*EXERCISE INSTRUCTIONS*
In the data below, find the line containing "by rewrite /preim /= !in_descendant_factor =>", then set down that line and every later line up to and including the line containing "(forall m, (m < n)%N -> t m <= t m.+1) ->", exactly.

LISTED RECORDS below:

(* Let $(\vdash,\overline{\cdot},\widehat{\cdot})$ be a setting satisfying Pre-Relevance, let $\mathcal{S},\mathcal{S}'\subseteq\mathcal{L}$ with $\mathcal{S}\mid\mathcal{S}'$, let $\mathcal{E}$ be a preferred extension of $\mathcal{AF}_{\vdash}(\mathcal{S}\cup\mathcal{S}')$ and $\mathcal{E}_1=\mathcal{E}\cap\mathit{Arg}_{\vdash}(\mathcal{S})$. Then $\mathcal{E}_1$ is a preferred extension of $\mathcal{AF}_{\vdash}(\mathcal{S})$.
   Context: $\mathcal{L}$ is the set of formulas of a language built from propositional atoms; $\mathsf{Atoms}(\mathcal{S})$ is the set of atoms occurring in $\mathcal{S}$, and $\mathcal{S}_1\mid\mathcal{S}_2$ means $\mathsf{Atoms}(\mathcal{S}_1)\cap\mathsf{Atoms}(\mathcal{S}_2)=\emptyset$. A setting is $(\vdash,\overline{\cdot},\widehat{\cdot})$ with ${\vdash}\subseteq\wp_{\sf fin}(\mathcal{L})\times\mathcal{L}$ arbitrary, $\overline{\cdot}:\mathcal{L}\to\wp(\mathcal{L})$, $\widehat{\cdot}$ assigning to each nonempty finite set a finite set of formulas, with $\widehat{\emptyset}=\emptyset$. $\mathit{Arg}_{\vdash}(\mathcal{S})=\{(\Gamma,\gamma):\Gamma\subseteq\mathcal{S}\text{ finite},\Gamma\vdash\gamma\}$; $\mathcal{AF}_{\vdash}(\mathcal{S})$ is the attack graph on it where $(\Gamma,\gamma)$ attacks $(\Gamma',\gamma')$ iff $\gamma\in\overline{\phi}$ for some $\phi\in\widehat{\Gamma'}$. Complete extension = conflict-free set defending each member (every attacker of a member is attacked by a member) and containing every argument it defends; preferred = $\subseteq$-maximal complete. Pre-Relevance of the setting: (a) for all $\mathcal{S}_1,\mathcal{S}_2,\phi$ with $\mathcal{S}_1\cup\{\phi\}\mid\mathcal{S}_2$, $\mathcal{S}_1\cup\mathcal{S}_2\vdash\phi$ implies $\mathcal{S}_1'\vdash\phi$ for some $\mathcal{S}_1'\subseteq\mathcal{S}_1$; (b) primeness: for all sets of atoms $\mathcal{A}_1\mid\mathcal{A}_2$, all finite $\mathcal{S}_1,\mathcal{T}_1,\mathcal{S}_2,\mathcal{T}_2$ with $\mathsf{Atoms}(\mathcal{S}_i),\mathsf{Atoms}(\mathcal{T}_i)\subseteq\mathcal{A}_i$, and all $\phi,\psi$ with $\psi\in\overline{\phi}$, $\phi\in\widehat{\mathcal{T}_1\cup\mathcal{T}_2}$: if $\mathcal{S}_1\cup\mathcal{S}_2\vdash\psi$ then there are $i\in\{1,2\}$, $\mathcal{S}_i'\subseteq\mathcal{S}_i$, $\phi_i\in\widehat{\mathcal{T}_i}$, $\psi_i\in\overline{\phi_i}$ with $\mathcal{S}_i'\vdash\psi_i$; (c) $\widehat{\Delta}\subseteq\widehat{\Delta\cup\Delta'}$ for all finite $\Delta,\Delta'$. *)

From HB Require Import structures.
From mathcomp Require Import all_boot.
From mathcomp Require Import finmap.
Lemma udg_common_ancestor v w :
  udg D v w <-> v != w /\ exists a, connect D a v && connect D a w.
Proof.
split.
  case=> vw [[|y s] [/and3P[_ ps nc] /= ls]]; first by rewrite ls eqxx in vw.
  move: ps => /= /andP[avy ps]; split=> //.
  have [_ [a anc]] := walk_common_ancestor avy ps nc; by exists a; rewrite -ls.
case=> vw [a /andP[/connectP[p pp ev] /connectP[q pq ew]]]; split=> //.
by rewrite ev ew; exact: common_ancestor_trek.
Qed.

Lemma source_ancestor v : exists2 s, [forall u, ~~ D u s] & connect D s v.
Proof.
have [k] := ubnP #|[set u | connect D u v]|; elim: k v => [//|k IH] v hk.
have [|] := boolP [forall u, ~~ D u v]; first by exists v.
rewrite negb_forall => /existsP[u]; rewrite negbK => Duv.
have [|s hs su] := IH u; last by exists s => //; apply: connect_trans su (connect1 Duv).
(* u has strictly fewer ancestors than v: v itself is not one of them *)
apply: leq_trans (ltnSE hk); apply: proper_card; apply/properP; split.
  by apply/subsetP => x; rewrite !inE => xu; apply: connect_trans xu (connect1 Duv).
by exists v; rewrite !inE ?connect0 // (negbTE (D_acyclic Duv)).
Qed.

End Treks.

Section Monomials.
Variable n : nat.
Implicit Types (m : monomial n) (D U : rel 'I_n).

Lemma valid_monomialE m : valid_monomial m <->
  [/\ uniq (map fst m),
      (forall x g, x \in map fst m -> g \in m -> x \notin g.2) &
      (forall v : 'I_n, exists2 f, f \in m & v \in f.1 |: f.2)].
Proof.
split; case=> h1 h2 h3; split=> //.
  by move=> x g /mapP[f fm ->]; apply: h2.
by move=> f g fm; apply/h2/map_f.
Qed.

Lemma uniq_map_fst_inj m f g :
  uniq (map fst m) -> f \in m -> g \in m -> f.1 = g.1 -> f = g.
Proof.
elim: m => [//|h m IH] /= /andP[hm um]; rewrite !in_cons.
case/orP=> [/eqP->|fm]; case/orP=> [/eqP->|gm] // e.
- by move: hm; rewrite e map_f.
- by move: hm; rewrite -e map_f.
- exact: IH.
Qed.

Definition sources D := [seq s <- enum 'I_n | [forall u, ~~ D u s]].

Definition descendant_monomial D : monomial n :=
  [seq (s, [set v | connect D s v] :\ s) | s <- sources D].

Lemma in_descendant_factor D s v :
  (v \in s |: ([set u | connect D s u] :\ s)) = connect D s v.
Proof. by rewrite !inE; case: eqP => [->|]; rewrite ?connect0. Qed.

Lemma descendant_monomial_valid D : acyclic D -> valid_monomial (descendant_monomial D).
Proof.
move=> acD; apply/valid_monomialE; split.
- by rewrite -map_comp map_id filter_uniq // enum_uniq.
- move=> x g; rewrite -map_comp map_id mem_filter => /andP[/forallP x_src _].
  case/mapP=> s _ -> /=; rewrite !inE negb_and negbK.
  case: eqP => //= /eqP xs; apply/negP => sx; rewrite eq_sym in xs.
  by have [u Dux] := connect_neq_parent sx xs; have := x_src u; rewrite Dux.
- move=> v; have [s s_src sv] := source_ancestor acD v.
  exists (s, [set u | connect D s u] :\ s); last by rewrite in_descendant_factor.
  by apply: map_f; rewrite mem_filter s_src mem_enum.
Qed.

Lemma descendant_monomial_graph D v w : acyclic D ->
  mon_graph (descendant_monomial D) v w =
  (v != w) && [exists a, connect D a v && connect D a w].
Proof.
move=> acD; rewrite /mon_graph has_map; congr (_ && _).
apply/hasP/existsP => [[s _]|[a /andP[av aw]]].
  by rewrite /preim /= !in_descendant_factor => anc; exists s.
have [s s_src sa] := source_ancestor acD a.
exists s; first by rewrite mem_filter s_src mem_enum.
by rewrite /preim /= !in_descendant_factor (connect_trans sa av) (connect_trans sa aw).
Qed.
Lemma xi_subdivision_sum n (t : nat -> R) : t 0%N = 0 -> t n = 1 ->
  (forall m, (m < n)%N -> t m <= t m.+1) ->
  \sum_(m < n) xi (path_segment (t m) (t m.+1)) = xi (path_segment 0 1).
Proof.
move=> t0 tn t_incr; have t_unit := subdivision_unit t0 tn t_incr.
suff sum_prefix m : (m <= n)%N ->
    \sum_(i < m) xi (path_segment (t i) (t i.+1)) = xi (path_segment 0 (t m)).
  by rewrite sum_prefix // tn.
elim: m => [|m IH] mn.
  by rewrite big_ord0 t0; have := xi_segment_add (lexx 0) (lexx 0) (lexx 0) ler01; lra.
have /andP[tm0 tm1] := t_unit m (ltnW mn); have /andP[_ tSm1] := t_unit m.+1 mn.
by rewrite big_ord_recr /= IH ?(ltnW mn) // (xi_segment_add (lexx 0) tm0 (t_incr m mn)).
Qed.

Lemma path_simplex_segment : same_simplex (path_simplex g) (path_segment 0 1).
Proof.
move=> u _; rewrite /path_simplex /path_segment mul0r add0r mul1r.
by congr (g (u _ _)); apply/val_inj; rewrite /= inordK.
Qed.

End AffineSimplices.

Section Subdivisions.
Variables (R : realType) (X : topologicalType).

Lemma unit_interval_itv : `[(0 : R), 1]%classic = @unit_interval R.
Proof. by apply/seteqP; split => x /=; rewrite in_itv. Qed.

Lemma within_unit_ball (g : R -> X) (x : R) (W : set X) :
  {within @unit_interval R, continuous g} -> unit_interval x -> open W -> W (g x) ->
  exists2 e : R, 0 < e & forall s, unit_interval s -> `|x - s| < e -> W (g s).
Proof.
move=> /subspace_continuousP cg ux oW Wgx.
have : nbhs x (fun s => unit_interval s -> W (g s)).
  exact: cg x ux W (open_nbhs_nbhs (conj oW Wgx)).
by move=> /nbhs_ballP [e e0 xe]; exists e => // s us xs; apply: xe.
Qed.

Lemma lebesgue_number_unit (J : Type) (W : J -> set X) (g : R -> X) :
  (forall j, open (W j)) -> (forall x, exists j, W j x) ->
  {within @unit_interval R, continuous g} ->
  exists N : nat, forall x, unit_interval x -> exists j, forall s,
    unit_interval s -> `|s - x| <= N.+1%:R^-1 -> W j (g s).
Proof.
move=> oW covW cg.
have cpt := @segment_compact R 0 1; rewrite unit_interval_itv in cpt.
pose P n (x : R) := exists j, forall s,
  unit_interval s -> `|s - x| <= n.+1%:R^-1 -> W j (g s).
have near_P x : unit_interval x -> \forall x' \near x & n \near \oo, P n x'.
  move=> ux; have [j Wj] := covW (g x).
  have [e e0 xe] := within_unit_ball cg ux (oW j) Wj.
  have e2 : 0 < e / 2 by rewrite divr_gt0.
  exists (ball x (e / 2), [set n : nat | n.+1%:R^-1 < e / 2]) => /=.
    by split; [exact: nbhsx_ballx | exact: (near_infty_natSinv_lt (PosNum e2))].
  case => x' n /= [xx' ne]; exists j => s us sx'; apply: xe => //.
  rewrite (splitr e); apply: le_lt_trans (ler_distD x' x s) _.
  by rewrite (distrC x' s); apply: ltrD xx' (le_lt_trans sx' ne).
have [N _ NP] := (compact_near_coveringP _).1 cpt nat \oo P _ near_P.
by exists N => x ux; exact: NP N (leqnn N) x ux.
Qed.
Lemma D_linear_zero (C A B : Ob X) (f : hom A B) (a : hom C A) :
  pair a zero ;; DD f = bar (a ;; f) ;; (@zero X C B).
Proof. by rewrite D_at (RD2_zero HR) compA (zero_pi1 HX) rst_pair_R zero_tot comp_idr. Qed.

Lemma D_idm (A : Ob X) : DD (idm A) = pi1.
Proof. by rewrite /D_of_R R_idm (RD3_1 HR) !compA iota1_pi1 comp_idr iota0_times_pi1. Qed.

Lemma D_pi0 (A B : Ob X) : DD (@pi0 X A B) = pi1 ;; pi0.
Proof.
  rewrite /D_of_R (RD3_0 HR) (RD5 HR) (RD3_1 HR) R_iota0 !compA iota1_pi1 comp_idr.
  rewrite pair_p1 pi0_tot comp_idl -(compA (pair _ _) pi1 pi0) pair_p1 rst_comp_pi1.
  by rewrite pi0_tot comp_idl -compA iota0_times_pi1.
Qed.

Lemma D_pi1 (A B : Ob X) : DD (@pi1 X A B) = pi1 ;; pi1.
Proof.
  rewrite /D_of_R (RD3_1 HR) (RD5 HR) (RD3_1 HR) R_iota1 !compA iota1_pi1 comp_idr.
  rewrite pair_p1 pi0_tot comp_idl -(compA (pair _ _) pi1 pi1) pair_p1 rst_comp_pi1.
  by rewrite pi0_tot comp_idl -compA iota0_times_pi1.
Qed.

Lemma D_rst (A B : Ob X) (f : hom A B) : bar (DD f) = times (bar f) (idm A).
Proof. by rewrite rst_D times_rst_idm. Qed.

(* The chain rule, as an inequality: unfold R[R[f g]] with [RD.5] twice and
   [RD.4] twice, discarding the summands killed by pi0-factoring maps. *)
Lemma D_comp_rle (A B C : Ob X) (f : hom A B) (g : hom B C) :
  DD (f ;; g) <=r pair (pi0 ;; f) (DD f) ;; DD g.
Proof.
  set P := pair (@pi0 X A A) (@zero X _ C).
  set m := pair (pi0 ;; f) pi1 ;; RR g.
  have P_m : P ;; pair pi0 m <=r pair pi0 zero.
  { rewrite /P pair_comp; apply: rle_pair; first exact: rle_pi0.
    rewrite /m -compA; apply: rle_trans; last exact: (R_at_zero_rle g (pi0 ;; f)).
    apply: rle_compR; exact: pair_zero_comp_rle. }
  rewrite D_eta (RD5 HR f g) -/m -/P.
  apply: rle_trans; first (apply: rle_compR; exact: R_comp_rle).
  apply: (rle_trans (w := pair P (pair (pair pi0 zero) pi1 ;; RR (RR f)) ;; RR (pair pi0 m) ;; pi1)).
  { do 2 apply: rle_compR; apply: rle_pair; first exact: rle_refl.
    by apply: rle_compR; apply: rle_pair; [exact: P_m | exact: rle_refl]. }
  have R_pair := R_pair_pi0_rle (idm A) m P (pair (pair pi0 zero) pi1 ;; RR (RR f)).
  rewrite comp_idr in R_pair; apply: (rle_trans R_pair).
  rewrite -D_eta /m.
  apply: rle_trans; first (apply: rle_compR; exact: R_comp_rle).
  apply: (rle_trans (w := pair P (pair (pair (pi0 ;; f) zero) (DD f) ;; RR (RR g))
                          ;; RR (pair (pi0 ;; f) pi1) ;; pi1)).
  { do 2 apply: rle_compR; apply: rle_pair; first exact: rle_refl.
    by apply: rle_compR; apply: rle_pair; [exact: pair_zero_comp_rle | exact: rle_refl]. }
  apply: rle_trans; first exact: R_pair_pi0_rle.
  rewrite (RD3_1 HR) !compA iota1_pi1 comp_idr -compA -D_at.
  exact: rle_pi1.
Qed.

Lemma D_comp (A B C : Ob X) (f : hom A B) (g : hom B C) :
  DD (f ;; g) = pair (pi0 ;; f) (DD f) ;; DD g.
Proof.
  apply: (rle_eq (K := pair (pi0 ;; f) (DD f) ;; DD g)); [exact: D_comp_rle | exact: rle_refl | ].
  by rewrite rst_D rst_pair_D rst_D -compA rst_compL.
Qed.

Lemma D_rst_idem (A B : Ob X) (f : hom A B) : DD (bar f) = times (bar f) (idm A) ;; pi1.
Proof.
  apply: (rle_eq (K := pi1));
    [ | by rewrite times_rst_idm; exact: rle_rst
      | by rewrite rst_D rst_comp_pi1 times_rst_idm rst_rst rst_comp_rst].
  rewrite /D_of_R (RD9 HR) times_rst_idm (RD5 HR) (RD9 HR) times_rst_idm !compA.
  apply: (rle_trans (w := times (iota0 A A) (idm A) ;; pi1));
    last by rewrite iota0_times_pi1; exact: rle_refl.
  apply: rle_compL; apply: rle_trans; first (apply: rle_compL; exact: rle_rst).
  rewrite -compA; apply: rle_trans; first (apply: rle_compR; exact: rle_pi1).
  rewrite (RD3_1 HR) !compA iota1_pi1 comp_idr; exact: rle_pi1.
Qed.

Lemma D_rst_comp {E A B : Ob X} (e : hom A E) (f : hom A B) :
  DD (bar e ;; f) = bar (DD e) ;; DD f.
Proof.
  apply: (rle_eq (K := DD f)); [ | exact: rle_rst | ].
  - rewrite D_comp -{2}(comp_idl (DD f)) -pair_id; apply: rle_compR.
    apply: rle_pair; first by rewrite comp_rstR; exact: rle_rst.
    rewrite D_rst_idem times_rst_idm; exact: rle_rst.
  - by rewrite rst_rstL !rst_D -compA comp_rstR compA rst_rstL.
Qed.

End of LISTED RECORDS.

*FINISHED TASK*
  by rewrite /preim /= !in_descendant_factor => anc; exists s.
have [s s_src sa] := source_ancestor acD a.
exists s; first by rewrite mem_filter s_src mem_enum.
by rewrite /preim /= !in_descendant_factor (connect_trans sa av) (connect_trans sa aw).
Qed.
Lemma xi_subdivision_sum n (t : nat -> R) : t 0%N = 0 -> t n = 1 ->
  (forall m, (m < n)%N -> t m <= t m.+1) ->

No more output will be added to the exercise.